All I want is you (2016), one of Emin’s first monumental sculptures, created after her mother’s death, addresses themes of loss, love, and female strength. This sculpture extends Emin’s artistic language, reflecting her ability to translate two-dimensional ideas into space. Every surface retains the traces of her hands and fingerprints, as the bronze is cast from a clay mould shaped directly by the artist.
The result is a powerful female figure, with a rock-like mass behind her torso—separate from the body—that can be interpreted as a memory, something lost that, though distant, remains connected.
Similarly, in You Should have Saved me (2023), a painting reminiscent of Edvard Munch’s lithographs, the artist continues to explore the interplay between solitude and desire.
Room 10
The End of the Day
The exhibition concludes with a selection of works created in 2022, following Emin’s cancer surgery in 2020. Returning to printmaking—a technique she studied at Maidstone College of Art—she employs screenprinted monotypes.
These large-scale works explore the trauma of surgery and the healing process, with contrasts of white and deep shades of blue, grey, and black that evoke Goya and Manet.
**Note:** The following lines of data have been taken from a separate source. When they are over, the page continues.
(* Let $\mathcal N$ be an irreducible SDAN. Then every agent of $A$ is a party of every atom of $\mathcal N$, and for every atom $n\neq n_f$ and every outcome $r\in R_n$ there is an atom $n'$ such that $\mathcal X(n,a,r)=\{n'\}$ for every agent $a\in A$.
   Context: Fix a finite nonempty set $A$ of agents; each $a\in A$ has a nonempty set $Q_a$ of internal states, $Q_A=\prod_{a\in A}Q_a$. A transformer is a left-total relation on $Q_A$; for $S\subseteq A$ an $S$-transformer is one with $(q,q')\in\tau\Rightarrow q_a=q'_a$ for all $a\notin S$. An atom is $n=(P_n,R_n,\delta_n)$: $P_n\subseteq A$ nonempty (parties), $R_n$ finite nonempty (outcomes), $\delta_n$ assigns to each $r\in R_n$ a $P_n$-transformer $\langle n,r\rangle$. A negotiation is $\mathcal N=(N,n_0,n_f,\mathcal X)$ with $N$ a finite set of atoms, $n_0,n_f\in N$ (possibly equal), $T(N)=\{(n,a,r): n\in N,a\in P_n,r\in R_n\}$, $\mathcal X:T(N)\to 2^N$, such that every agent is a party of $n_0$ and of $n_f$, and $\mathcal X(n,a,r)=\emptyset$ iff $n=n_f$. Its graph has vertices $N$ and edges $(n,n')$ whenever $n'\in\mathcal X(n,a,r)$ for some $(n,a,r)$; $\mathcal N$ is acyclic if the graph has no cycle. A marking is $x:A\to 2^N$; initial $x_0(a)=\{n_0\}$, final $x_f(a)=\emptyset$. $x$ enables $n$ if $n\in x(a)$ for all $a\in P_n$; then for $r\in R_n$ the step $(n,r)$ leads to $x'$ with $x'(a)=\mathcal X(n,a,r)$ for $a\in P_n$, $x'(a)=x(a)$ otherwise. A large step is a finite occurrence sequence from $x_0$ to $x_f$. $\mathcal N$ is sound if every atom is enabled at some reachable marking and every occurrence sequence from $x_0$ is a large step or can be extended to one. An agent $a$ is deterministic if for each $(n,a,r)\in T(N)$ with $n\ne n_f$, $\mathcal X(n,a,r)$ is a singleton; $\mathcal N$ is deterministic if all agents are deterministic. An SDAN is a sound, deterministic, acyclic negotiation. Merge rule. Guard: some atom $n$ has distinct outcomes $r_1,r_2$ with $\mathcal X(n,a,r_1)=\mathcal X(n,a,r_2)$ for all $a\in P_n$. Action: replace $r_1,r_2$ in $R_n$ by a fresh outcome $r_f$ with $\mathcal X(n,a,r_f)=\mathcal X(n,a,r_1)$ for $a\in P_n$ and $\langle n,r_f\rangle=\langle n,r_1\rangle\cup\langle n,r_2\rangle$. $(n,r)$ unconditionally enables $n'$ if $P_n\supseteq P_{n'}$ and $\mathcal X(n,a,r)=\{n'\}$ for all $a\in P_{n'}$. d-shortcut rule. Guard: atoms $n\neq n'$ and $r\in R_n$ such that $(n,r)$ unconditionally enables $n'$; $n'$ has at most one outcome; and if $n'\in\mathcal X(\tilde n,\tilde a,\tilde r)$ for at least one $(\tilde n,\tilde a,\tilde r)\in T(N)$ with $\tilde n\neq n$, then $\{n'\}=\mathcal X(\tilde n,\tilde a,\tilde r)$ for some $(\tilde n,\tilde a,\tilde r)\in T(N)$ with $\tilde n\ne n$. Action: (1) replace $R_n$ by $(R_n\setminus\{r\})\cup\{r'_f:r'\in R_{n'}\}$ with fresh names; (2) for $a\in P_{n'}$ set $\mathcal X(n,a,r'_f)=\mathcal X(n',a,r')$, for $a\in P_n\setminus P_{n'}$ set $\mathcal X(n,a,r'_f)=\mathcal X(n,a,r)$; (3) $\langle n,r'_f\rangle=\langle n,r\rangle\langle n',r'\rangle$ (relational composition); (4) if afterwards $n'\notin\mathcal X(\tilde n,\tilde a,\tilde r)$ for all $(\tilde n,\tilde a,\tilde r)\in T(N)$, remove $n'$. An SDAN is irreducible if neither the merge rule nor the d-shortcut rule can be applied to it. *)

From mathcomp Require Import all_boot.
Set Implicit Arguments. Unset Strict Implicit. Unset Printing Implicit Defensive.

(* The atom set N is the whole finite type [atom]; outcomes of all atoms are
   drawn from a common finite type [outcome], with R_n = outcomes n. *)
Definition gstate (A : finType) (Q : A -> Type) := forall a : A, Q a.

Record negotiation (A : finType) (Q : A -> Type) := Negotiation {
  atom : finType;
  outcome : finType;
  parties : atom -> {set A};
  outcomes : atom -> {set outcome};
  trans : atom -> outcome -> gstate Q -> gstate Q -> Prop;
  xnext : atom -> A -> outcome -> {set atom};
  n0 : atom;
  nf : atom }.

Arguments parties {A Q} n _.
Arguments outcomes {A Q} n _.
Arguments trans {A Q} n _ _ _ _.
Arguments xnext {A Q} n _ _ _.
Arguments n0 {A Q} n.
Arguments nf {A Q} n.

Section Neg.
Variables (A : finType) (Q : A -> Type) (N : negotiation Q).
Local Notation P := (parties N).
Local Notation R := (outcomes N).
Local Notation X := (xnext N).
Local Notation atm := (atom N).
Local Notation out := (outcome N).

Definition inT (n : atm) (a : A) (r : out) := (a \in P n) && (r \in R n).

Definition transformer (S : {set A}) (t : gstate Q -> gstate Q -> Prop) :=
  (forall q, exists q', t q q') /\
  (forall q q', t q q' -> forall a, a \notin S -> q a = q' a).

Definition well_formed : Prop :=
  (exists a : A, True) /\
  (forall a, inhabited (Q a)) /\
  (forall n, P n != set0) /\
  (forall n, R n != set0) /\
  (forall n r, r \in R n -> transformer (P n) (trans N n r)) /\
  (forall a, a \in P (n0 N)) /\ (forall a, a \in P (nf N)) /\
  (forall n a r, inT n a r -> (X n a r == set0) = (n == nf N)).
Despite their dark tones, they celebrate life and personal expression.
The artist confronts her transformed body, as seen in It Never Felt like This. Recreating her own image becomes an act of revolution: despite the advances of feminism, the female nude remains bound to the male gaze. Emin subverts it without compromise. Her figures—intriguing yet tense and contorted—express both pain and freedom: a woman portraying herself without embellishment. In Like The moon, You Rolled across my back, the moon—a symbol of femininity— weighs on Emin like the sky on Atlas.
In recent years, Emin has spent more time in Margate, a choice reflected in paintings such as The Sea came in, The Sea went out – It Left me. The solitude evoked by the exhibition title also emerges in her creative process: she now works only with one person, her creative director Harry Weller, producing more intimate pieces in her studio, under the constant gaze of her two cats, Teacup and Pancake.